Required action: Work through the data and report how many lines include the string "adherent", giving the number alone.

-----

Lemma dotv_bound u v : `|dotv u v| <= (\sum_i `|u ord0 i|) * `|v|.
Proof.
rewrite /dotv mulr_suml; apply: (le_trans (ler_norm_sum _ _ _)).
by apply: ler_sum => i _; rewrite normrM ler_wpM2l // coord_le.
Qed.

End DotProduct.

Section RelativeCore.
Variables (R : realType) (p : nat).
Implicit Types (y z w a b : 'rV[R]_p) (L D : set 'rV[R]_p).

Definition adherent D z := forall e, 0 < e -> exists a, D a /\ `|a - z| < e.

Definition dense_in_ball L D (d : R) := forall z, L z -> `|z| < d -> adherent D z.

Lemma small_scale (d N : R) : 0 < d -> 0 <= N -> exists2 eps : R, 0 < eps & eps * N < d / 2.
Proof.
move=> d0 N0; exists (d / (2 * (N + 1))); first by rewrite divr_gt0 // mulr_gt0 // ltr_pwDr.
have -> : d / (2 * (N + 1)) * N = (d / 2) * (N / (N + 1)).
  by field; apply: lt0r_neq0; lra.
have : N / (N + 1) < 1 by rewrite ltr_pdivrMr; lra.
have : 0 < d / 2 by lra.
nra.
Qed.

(* Two points [a], [b] of a convex set lying [eta]-close to [z + eps w] and
   [z - eps w], where [z] lies on the hyperplane [x_i0 = 0] and [w_i0 = 1],
   straddle that hyperplane; the point of the segment [a b] on it is
   [O(eta)]-close to [z]. *)
Lemma hyperplane_crossing D (i0 : 'I_p) z w a b (eps eta : R) :
  convex_set_of D -> D a -> D b -> z ord0 i0 = 0 -> w ord0 i0 = 1 ->
  0 < eta -> eta <= eps / 2 ->
  `|a - (z + eps *: w)| < eta -> `|b - (z - eps *: w)| < eta ->
  exists c, [/\ D c, c ord0 i0 = 0 & `|c - z| < eta * (1 + 2 * `|w|)].
Proof.
move=> cD Da Db zi0 wi0 eta0 eta_eps ha hb.
pose ai := a ord0 i0; pose bi := b ord0 i0.
have hai : `|ai - eps| < eta.
  apply: le_lt_trans ha; apply: le_trans (coord_le _ i0).
  by rewrite !mxE zi0 wi0 add0r mulr1.
have hbi : `|bi + eps| < eta.
  apply: le_lt_trans hb; apply: le_trans (coord_le _ i0).
  by rewrite !mxE zi0 wi0 sub0r mulr1 opprK.
move: hai hbi; rewrite !ltr_norml => /andP [hai1 hai2] /andP [hbi1 hbi2].
have abp : 0 < ai - bi by lra.
pose lam := - bi / (ai - bi).
have lam0 : 0 < lam by rewrite divr_gt0 //; lra.
have lam1 : lam <= 1 by rewrite ler_pdivrMr //; lra.
exists (lam *: a + (1 - lam) *: b); split.
- by apply: cD => //; rewrite ltW.
- by rewrite !mxE -/ai -/bi /lam; field; lra.
have -> : lam *: a + (1 - lam) *: b - z = lam *: (a - (z + eps *: w)) +
    (1 - lam) *: (b - (z - eps *: w)) + ((2 * lam - 1) * eps) *: w.
  by apply/matrixP => i j; rewrite !mxE; ring.
have drift : `|(2 * lam - 1) * eps| <= 2 * eta.
  have -> : (2 * lam - 1) * eps = - (ai + bi) * (eps / (ai - bi)).
    by rewrite /lam; field; lra.
  have e1 : eps / (ai - bi) <= 1 by rewrite ler_pdivrMr //; lra.
  have e0 : 0 <= eps / (ai - bi) by rewrite divr_ge0 //; lra.
  rewrite normrM (ger0_norm e0) normrN.
  have : `|ai + bi| < 2 * eta by rewrite ltr_norml; apply/andP; split; lra.
  have := normr_ge0 (ai + bi); nra.
have comb : `|lam *: (a - (z + eps *: w)) + (1 - lam) *: (b - (z - eps *: w))| < eta.
  apply: (le_lt_trans (ler_normD _ _)).
  rewrite normrZ (gtr0_norm lam0) normrZ (@ger0_norm _ (1 - lam)); last lra.
  nra.
apply: (le_lt_trans (ler_normD _ _)); rewrite normrZ.
have := normr_ge0 w; nra.
Qed.

Lemma hyperplane_slice_dense L D (d : R) (i0 : 'I_p) w :
  subspace L -> convex_set_of D -> L w -> w ord0 i0 = 1 -> dense_in_ball L D d ->
  dense_in_ball (L `&` coord_hyperplane i0) (D `&` coord_hyperplane i0) (d / 2).
Proof.
move=> [_ LD LZ] cD Lw wi0 Ddense z [Lz zi0] zd e e0.
have d0 : 0 < d by have := normr_ge0 z; lra.
have N0 := normr_ge0 w.
have [eps eps0 epsN] := small_scale d0 N0.
pose eta := Num.min (eps / 2) (e / (1 + 2 * `|w|)).
have eta0 : 0 < eta by rewrite lt_min !divr_gt0 //; lra.
have eta_eps : eta <= eps / 2 by rewrite ge_min lexx.
have eta_e : eta * (1 + 2 * `|w|) <= e.
  by rewrite -ler_pdivlMr; [rewrite ge_min lexx orbT | lra].
have near_z (s : R) : `|s| = eps -> adherent D (z + s *: w).
  move=> s_eps; apply: Ddense; first by apply: LD => //; exact: LZ.
  by apply: (le_lt_trans (ler_normD _ _)); rewrite normrZ s_eps; lra.
have [a [Da ha]] := near_z eps (gtr0_norm eps0) eta eta0.
have hb : adherent D (z + (- eps) *: w) by apply: near_z; rewrite normrN gtr0_norm.
have {hb}[b [Db hb]] := hb eta eta0.
rewrite scaleNr in hb.
have [c [Dc ci0 hc]] := hyperplane_crossing cD Da Db zi0 wi0 eta0 eta_eps ha hb.
by exists c; split; [split | exact: lt_le_trans eta_e].
Qed.

(* A convex subset of a subspace [L] of vectors vanishing from index [k], dense
   in a ball of [L] around [0], contains [0]: induction on [k], slicing [L] by
   the hyperplane [x_k = 0] when some vector of [L] has a nonzero [k]-th
   coordinate. *)
Lemma dense_convex_contains0_vanish k L D (d : R) :
  subspace L -> (forall z, L z -> vanish_from k z) -> convex_set_of D -> D `<=` L ->
  0 < d -> dense_in_ball L D d -> D 0.
Proof.
elim: k L D d => [|k IH] L D d sL Lk cD DL d0 Ddense.
  have [L0 _ _] := sL.
  have ad0 : adherent D 0 by apply: Ddense; rewrite ?normr0.
  have [a [Da _]] := ad0 1 ltr01.
  by rewrite -(vanish_from0 (Lk a (DL a Da))).
have [Lk'|] := pselect (forall z, L z -> vanish_from k z); first exact: (IH L D d).
move=> /existsNP [v /not_implyP [Lv /existsNP [i0 /not_implyP [ki0 vi0]]]].
have i0k : nat_of_ord i0 = k.
  apply/eqP; rewrite eqn_leq ki0 andbT leqNgt; apply/negP => k_lt_i0.
  exact/vi0/(Lk v Lv).
pose w := (v ord0 i0)^-1 *: v.
have Lw : L w by case: sL => _ _ LZ; exact: LZ.
have wi0 : w ord0 i0 = 1 by rewrite /w mxE mulVf //; exact/eqP.
suff : (D `&` coord_hyperplane i0) 0 by case.
apply: (IH (L `&` coord_hyperplane i0) _ (d / 2)).
- exact: subspace_hyperplane.
- by move=> z [Lz zi0]; exact: vanish_fromS i0k (Lk z Lz) zi0.
- exact: convex_hyperplane.
- exact: setSI.
- lra.
- exact: (hyperplane_slice_dense sL cD Lw wi0 Ddense).
Qed.

Lemma dense_convex_contains0 L D (d : R) :
  subspace L -> convex_set_of D -> D `<=` L -> 0 < d -> dense_in_ball L D d -> D 0.
Proof.
move=> sL; apply: (dense_convex_contains0_vanish (k := p)) => // z _.
exact: vanish_from_size.
Qed.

-----

Output below: 5